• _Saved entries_
(* Let $(\Omega,\Sigma,\mathbb{P})$ be a probability space and let $X_t:\Omega\to[0,\infty)$, $t\in\mathbb{N}$, be random variables such that $A:=\limsup_{t\to\infty}(E[X_t])^{1/t}<1$. For $\varepsilon>0$ let $\tau_\varepsilon:=\inf\{t\in\mathbb{N}: X_t<\varepsilon\}$. Then $$\limsup_{\varepsilon\to0^+}\frac{E[\tau_\varepsilon]}{|\log\varepsilon|}\leq\frac{-1}{\log A}.$$
   Context: Convention: if $E[X_t]=\infty$ then $(E[X_t])^{1/t}:=\infty$; if $A=0$ then $\frac{-1}{\log A}:=0$. $\log$ is the natural logarithm. *)

From HB Require Import structures.
From mathcomp Require Import all_boot all_order all_algebra.
From mathcomp Require Import all_classical all_reals all_analysis.
Set Implicit Arguments. Unset Strict Implicit. Unset Printing Implicit Defensive.
Import Order.TTheory GRing.Theory Num.Theory numFieldTopology.Exports numFieldNormedType.Exports.
Local Open Scope classical_set_scope.
Local Open Scope ring_scope.

(* Hitting time tau_eps(w) = inf {t in N | X_t(w) < eps}, valued in \bar R
   (inf of the empty set is +oo). *)
Definition hitting_time {T : Type} {R : realType} (X : nat -> T -> R) (eps : R)
  (w : T) : \bar R :=
  ereal_inf [set (t%:R)%:E | t in [set t : nat | X t w < eps]].

Definition neg_inv_log {R : realType} (A : \bar R) : \bar R :=
  if A == 0%E then 0%E else ((-1) / ln (fine A))%:E.

From HB Require Import structures.
From mathcomp Require Import all_boot all_order all_algebra.
From mathcomp Require Import all_classical all_reals all_analysis.
From mathcomp Require Import measurable_realfun.
Import Order.TTheory GRing.Theory Num.Theory numFieldTopology.Exports numFieldNormedType.Exports.
Local Open Scope classical_set_scope.
Local Open Scope ring_scope.

(* Fix a in (A, 1); eventually E[X_t] <= a^t.  Bounding the indicator of
   [X_k >= eps] by 1 for k < M and by X_k / eps for k >= M gives
   E[tau_eps] <= M + sum_(k >= M) a^k / eps, and choosing M with a^M <= eps,
   i.e. M ~ log eps / log a, yields E[tau_eps] <= log eps / log a + O(1).
   Dividing by |log eps| and letting a decrease to A gives the bound. *)

Section hitting_time.
Context {T : Type} {R : realType} (X : nat -> T -> R).
Local Open Scope ereal_scope.

Lemma hitting_time_ge0 eps w : 0 <= hitting_time X eps w.
Proof. by apply: le_ereal_inf_tmp => _ [t _ <-]; rewrite lee_fin. Qed.

Lemma hitting_time_le_nneseries (eps : R) (w : T) (h : nat -> \bar R) :
  (forall k, 0 <= h k) -> (forall k, (eps <= X k w)%R -> 1 <= h k) ->
  hitting_time X eps w <= \sum_(0 <= k <oo) h k.
Proof.
move=> h0 h1.
have : 0 <= \sum_(0 <= k <oo) h k by apply: nneseries_ge0.
case ES : (\sum_(0 <= k <oo) h k) => [s| |] //; last by move=> _; rewrite leey.
rewrite lee_fin => s0; have /andP[trunc_le trunc_gt] := truncn_itv s0.
pose n := (Num.Def.trunc s).+1.
have [[k kn Xk]|none_hit] :=
  pselect (exists2 k, (k < n)%N & (X k w < eps)%R).
  apply: (@le_trans _ _ k%:R%:E); first by apply: ereal_inf_lbound; exists k.
  by rewrite lee_fin (le_trans _ trunc_le)// ler_nat -ltnS.
have : n%:R%:E <= \sum_(0 <= k <oo) h k.
  apply: le_trans (nneseries_lim_ge n _) => //.
  rewrite -[n in n%:R]subn0 -sumr_const_nat -sumEFin !big_mkord.
  apply: lee_sum => i _; apply: h1; rewrite leNgt; apply/negP => Xi.
  by apply: none_hit; exists i.
by rewrite ES lee_fin => /(lt_le_trans trunc_gt); rewrite ltxx.
Qed.

End hitting_time.

(* The integral of a non-measurable nonnegative function is still defined,
   as a supremum over the simple functions below it, hence monotone; this
   matters because the hitting time is not known to be measurable. *)
Lemma ge0_le_integralT d (T : measurableType d) (R : realType)
    (mu : {measure set T -> \bar R}) (f g : T -> \bar R) :
  (forall x, 0 <= f x)%E -> (forall x, f x <= g x)%E ->
  (\int[mu]_x f x <= \int[mu]_x g x)%E.
Proof.
move=> f0 fg; have g0 x : (0 <= g x)%E by apply: le_trans (f0 x) (fg x).
rewrite !ge0_integralTE//; apply: ereal_sup_le => _ [h hf <-]; exists h => //.
by move=> x; apply: le_trans (hf x) (fg x).
Qed.

Lemma limn_esup_lt_near (R : realType) (u : (\bar R)^nat) (l : \bar R) :
  (limn_esup u < l)%E -> \forall n \near \oo, (u n < l)%E.
Proof.
rewrite /limn_esup limf_esupE => /ereal_inf_lt[_ [V [N _ VN] <-]] supVl.
exists N => // n Nn; apply: le_lt_trans supVl.
by apply: ereal_sup_ubound; exists n => //; apply: VN.
Qed.

Lemma limf_esup_le_near {T : choiceType} {X : filteredType T} {R : realType}
    (F : set_system X) (f : X -> \bar R) (l : \bar R) :
  (\forall x \near F, (f x <= l)%E) -> (limf_esup f F <= l)%E.
Proof.
move=> fl; rewrite limf_esupE; apply: le_trans (ereal_inf_lbound _) _.
  by exists [set x | (f x <= l)%E].
by apply: ge_ereal_sup => _ [x /= fxl <-].
Qed.

Lemma poweR_invn_lt_le_expr (R : realType) (y : \bar R) (a : R) (t : nat) :
  (0 <= y)%E -> (0 < t)%N -> 0 <= a ->
  (poweR y t%:R^-1 < a%:E)%E -> (y <= (a ^+ t)%:E)%E.
Proof.
move=> + t0 a0; have tV0 : (t%:R : R)^-1 != 0 by rewrite invr_eq0 pnatr_eq0 -lt0n.
case: y => [y| |] //; last by rewrite poweRyr// ltNge leey.
rewrite !lee_fin poweR_EFin lte_fin => y0 ya.
have -> : y = (y `^ t%:R^-1) `^ t%:R.
  by rewrite -powRrM mulVf ?powRr1// -invr_eq0.
by rewrite -powR_mulrn// ge0_ler_powR// ?nnegrE ?powR_ge0// ltW.
Qed.

Lemma geometric_tail_div_le (R : realType) (a eps : R) (M n : nat) :
  0 < a < 1 -> 0 < eps -> a ^+ M <= eps ->
  \sum_(M <= i < n) (a ^+ i / eps) <= (1 - a)^-1.
Proof.
move=> /andP[a0 a1] eps0 aM.
have [Mn|nM] := leqP M n; last by rewrite big_geq ?invr_ge0 ?subr_ge0 ?ltW// ltnW.
rewrite -mulr_suml -(subnKC Mn) geometric_partial_tail ler_pdivrMr//.
have := @geometric_le_lim R (n - M) (a ^+ M) a (exprn_ge0 _ (ltW a0)) a0.
rewrite gtr0_norm// => /(_ a1) /le_trans; apply.
by rewrite mulrC ler_wpM2l// invr_ge0 subr_ge0 ltW.
Qed.

Section expected_hitting_time.
Context d (T : measurableType d) (R : realType) (P : probability T R)
  (X : nat -> T -> R).
Hypotheses (mX : forall t, measurable_fun setT (X t))
  (X_ge0 : forall t w, 0 <= X t w).
Local Open Scope ereal_scope.

Lemma expectation_hitting_time_le_nneseries (M : nat) (eps : R) : (0 < eps)%R ->
  \int[P]_w hitting_time X eps w <=
  \sum_(0 <= k <oo) (if (k < M)%N then 1 else \int[P]_w (X k w / eps)%:E).
Proof.
move=> eps0; pose h k : T -> \bar R :=
  if (k < M)%N then cst 1 else fun w => (X k w / eps)%:E.
have h_ge0 k w : 0 <= h k w.
  by rewrite /h; case: ifP => _ /=; rewrite ?lee01// lee_fin divr_ge0// ltW.
have mh k : measurable_fun [set: T] (h k).
  rewrite /h; case: ifP => _; first exact: measurable_cst.
  apply/measurable_EFinP; exact: (measurable_funM (mX k) (measurable_cst _)).
apply: (@le_trans _ _ (\int[P]_w \sum_(0 <= k <oo) h k w)).
  apply: ge0_le_integralT => [w|w]; first exact: hitting_time_ge0.
  apply: hitting_time_le_nneseries => // k Xk; rewrite /h; case: ifP => _ //.
  by rewrite lee_fin ler_pdivlMr// mul1r.
rewrite integral_nneseries//; apply: lee_nneseries => [k _ _|k _].
  by apply: integral_ge0 => w _.
rewrite /h; case: ifP => _ //.
by rewrite /= integral_cst// mul1e probability_le1.
Qed.

Lemma expectation_hitting_time_le (a eps : R) (M : nat) :
  (0 < a < 1)%R -> (0 < eps)%R -> (a ^+ M <= eps)%R ->
  (forall t, (M <= t)%N -> \int[P]_w (X t w)%:E <= (a ^+ t)%:E) ->
  \int[P]_w hitting_time X eps w <= (M%:R + (1 - a)^-1)%:E.
Proof.
move=> a01 eps0 aM EX.
apply: le_trans (expectation_hitting_time_le_nneseries M eps eps0) _.
have int_le k : (M <= k)%N -> \int[P]_w (X k w / eps)%:E <= (a ^+ k / eps)%:E.
  move=> Mk; under eq_integral do rewrite EFinM.
  rewrite ge0_integralZr//; last 3 first.
  - exact/measurable_EFinP.
  - by move=> w _; rewrite lee_fin.
  - by rewrite lee_fin invr_ge0 ltW.
  by rewrite EFinM lee_wpmul2r ?EX// lee_fin invr_ge0 ltW.
apply: lime_le.
  apply: is_cvg_nneseries => k _ _; case: ifP => _ //.
  by apply: integral_ge0 => w _; rewrite lee_fin divr_ge0// ltW.
near=> n; have Mn : (M <= n)%N by near: n; exists M.
rewrite (big_cat_nat (leq0n M) Mn) /= EFinD; apply: leeD.
  rewrite (@eq_big_nat _ _ _ 0 M _ (fun=> 1%:E)); last by move=> k /andP[_ ->].
  by rewrite sumEFin sumr_const_nat subn0.
apply: (@le_trans _ _ (\sum_(M <= k < n) (a ^+ k / eps)%:E)%E).
  rewrite big_nat_cond [leRHS]big_nat_cond; apply: lee_sum => k /andP[/andP[Mk _] _].
  by rewrite ltnNge Mk int_le.
by rewrite sumEFin lee_fin geometric_tail_div_le.
Unshelve. all: by end_near.
Qed.

Lemma expectation_hitting_time_le_log (a eps : R) (t0 : nat) :
  (0 < a < 1)%R -> (0 < eps <= 1)%R ->
  (forall t, (t0 <= t)%N -> \int[P]_w (X t w)%:E <= (a ^+ t)%:E) ->
  \int[P]_w hitting_time X eps w <=
    (ln eps / ln a + t0%:R + 1 + (1 - a)^-1)%:E.
Proof.
move=> /andP[a0 a1] /andP[eps0 eps1] EX.
have lna0 : (ln a < 0)%R by rewrite ln_lt0// a0.
have x_ge0 : (0 <= ln eps / ln a)%R.
  by rewrite mulr_le0 ?ln_le0// invr_le0 ltW.
have /andP[trunc_le x_lt] := truncn_itv x_ge0.
pose N := (Num.Def.trunc (ln eps / ln a)).+1.
have aN : (a ^+ N <= eps)%R.
  rewrite -ler_ln ?posrE ?exprn_gt0// lnXn// -mulr_natl -(ler_ndivrMr _ _ lna0).
  exact: ltW.
apply: le_trans (@expectation_hitting_time_le a eps (t0 + N) _ eps0 _ _) _.
- by rewrite a0.
- by apply: le_trans aN; rewrite ler_wiXn2l ?ltW// leq_addl.
- by move=> t /(leq_trans (leq_addr _ _)); apply: EX.
rewrite lee_fin natrD lerD2r [leRHS]addrAC [leLHS]addrC lerD2r.
by rewrite /N -addn1 natrD lerD2r.
Qed.

Lemma limf_esup_hitting_time_le (a : R) : (0 < a < 1)%R ->
  limn_esup (fun t : nat => poweR (\int[P]_w (X t w)%:E) t%:R^-1) < a%:E ->
  limf_esup (fun eps : R =>
      \int[P]_w hitting_time X eps w * (`|ln eps|^-1)%:E) 0^'+
    <= ((- ln a)^-1)%:E.
Proof.
move=> a01 /limn_esup_lt_near[N _ EX_root].
have /andP[a0 a1] := a01.
pose t0 := maxn N 1.
have EX t : (t0 <= t)%N -> \int[P]_w (X t w)%:E <= (a ^+ t)%:E.
  rewrite geq_max => /andP[Nt t_gt0]; apply: poweR_invn_lt_le_expr (ltW a0) _ => //.
    by apply: integral_ge0 => w _; rewrite lee_fin.
  exact: EX_root.
pose C := (t0%:R + 1 + (1 - a)^-1)%R.
have C0 : (0 < C)%R by rewrite ltr_wpDr ?invr_ge0 ?subr_ge0 ?ltW// ltr_wpDl.
have lna0 : (ln a < 0)%R by rewrite ln_lt0.
apply/lee_addgt0Pr => delta delta0; apply: (@limf_esup_le_near _ _ _ 0^'+).
near=> eps.
have eps0 : (0 < eps)%R by near: eps; exact: nbhs_right_gt.
have eps_small : (eps < expR (- (C / delta)))%R.
  by near: eps; apply: nbhs_right_lt; exact: expR_gt0.
have L_large : (C / delta < - ln eps)%R.
  by rewrite ltrNr -[ltRHS]expRK ltr_ln ?posrE ?expR_gt0.
have L0 : (0 < - ln eps)%R by rewrite (lt_trans _ L_large)// divr_gt0.
have eps1 : (eps <= 1)%R.
  by rewrite ltW// (lt_le_trans eps_small)// expR_le1 oppr_le0 divr_ge0 ?ltW.
rewrite ltr0_norm -?oppr_gt0//.
apply: le_trans
  (lee_wpmul2r _ (@expectation_hitting_time_le_log a eps t0 a01 _ EX)) _.
- by rewrite lee_fin invr_ge0 ltW.
- by rewrite eps0.
have -> : (ln eps / ln a + t0%:R + 1 + (1 - a)^-1 = ln eps / ln a + C)%R.
  by rewrite /C !addrA.
have log_ratio : (ln eps / ln a / - ln eps = (- ln a)^-1)%R.
  by rewrite mulrAC invrN mulrN divff ?mulN1r ?invrN// ltr0_neq0// -oppr_gt0.
rewrite -EFinM lee_fin mulrDl log_ratio lerD2l ler_pdivrMr// -ler_pdivrMl// mulrC.
exact: ltW.
Unshelve. all: by end_near.
Qed.

End expected_hitting_time.

Lemma le_neg_inv_log (R : realType) (A l : \bar R) : (0 <= A)%E -> (A < 1)%E ->
  (forall a : R, 0 < a < 1 -> (A < a%:E)%E -> (l <= ((- ln a)^-1)%:E)%E) ->
  (l <= neg_inv_log A)%E.
Proof.
case: A => [r| |] //; rewrite lee_fin lte_fin => r0 r1 l_le.
pose c := if r == 0 then 0 else - (ln r)^-1.
have -> : neg_inv_log r%:E = c%:E.
  by rewrite /neg_inv_log eqe /c; case: eqP => // _; rewrite mulN1r.
have c0 : 0 <= c.
  rewrite /c; case: eqP => [//|/eqP r_neq0].
  by rewrite oppr_ge0 invr_le0 ln_le0 ?ltW.
apply/lee_addgt0Pr => delta delta0; pose s := c + delta.
have s0 : 0 < s by rewrite ltr_wpDl.
apply: le_trans (l_le (expR (- s^-1)) _ _) _.
- by rewrite expR_gt0 expR_lt1 oppr_lt0 invr_gt0.
- rewrite lte_fin; have [->|r_neq0] := eqVneq r 0; first exact: expR_gt0.
  have r_gt0 : 0 < r by rewrite lt0r r_neq0.
  have lnr0 : 0 < - ln r by rewrite oppr_gt0 ln_lt0// r_gt0.
  rewrite -[r]lnK ?posrE// ltr_expR ltrNr -(invrK (- ln r)) ltf_pV2 ?posrE ?invr_gt0//.
  by rewrite invrN /s /c (negbTE r_neq0) ltrDl.
- by rewrite expRK opprK invrK EFinD.
Qed.

Theorem theorem2 (d : measure_display) (T : measurableType d) (R : realType)
  (P : probability T R) (X : nat -> T -> R)
  (mX : forall t, measurable_fun setT (X t))
  (X_ge0 : forall t w, 0 <= X t w)
  (hA : (limn_esup (fun t : nat =>
           poweR (\int[P]_w (X t w)%:E) (t%:R^-1)) < 1)%E) :
  (@limf_esup R R R (fun eps : R =>
      (\int[P]_w hitting_time X eps w) * (`|ln eps|^-1)%:E)%E (0 : R)^'+
   <= neg_inv_log (limn_esup (fun t : nat =>
           poweR (\int[P]_w (X t w)%:E) (t%:R^-1))))%E.
Proof.
apply: le_neg_inv_log hA _ => [|a a01 A_lt_a].
  apply: limf_esup_ge0; first exact: filter_not_empty.
  by move=> t; exact: poweR_ge0.
exact: limf_esup_hitting_time_le.
Qed.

• _Assignment_
Only one stretch of the data above is needed. Restate it word for word, from the line containing "rewrite -ler_ln ?posrE" through the line containing "rewrite lee_fin natrD", both ends included.

• _Worked solution_
  rewrite -ler_ln ?posrE ?exprn_gt0// lnXn// -mulr_natl -(ler_ndivrMr _ _ lna0).
  exact: ltW.
apply: le_trans (@expectation_hitting_time_le a eps (t0 + N) _ eps0 _ _) _.
- by rewrite a0.
- by apply: le_trans aN; rewrite ler_wiXn2l ?ltW// leq_addl.
- by move=> t /(leq_trans (leq_addr _ _)); apply: EX.
rewrite lee_fin natrD lerD2r [leRHS]addrAC [leLHS]addrC lerD2r.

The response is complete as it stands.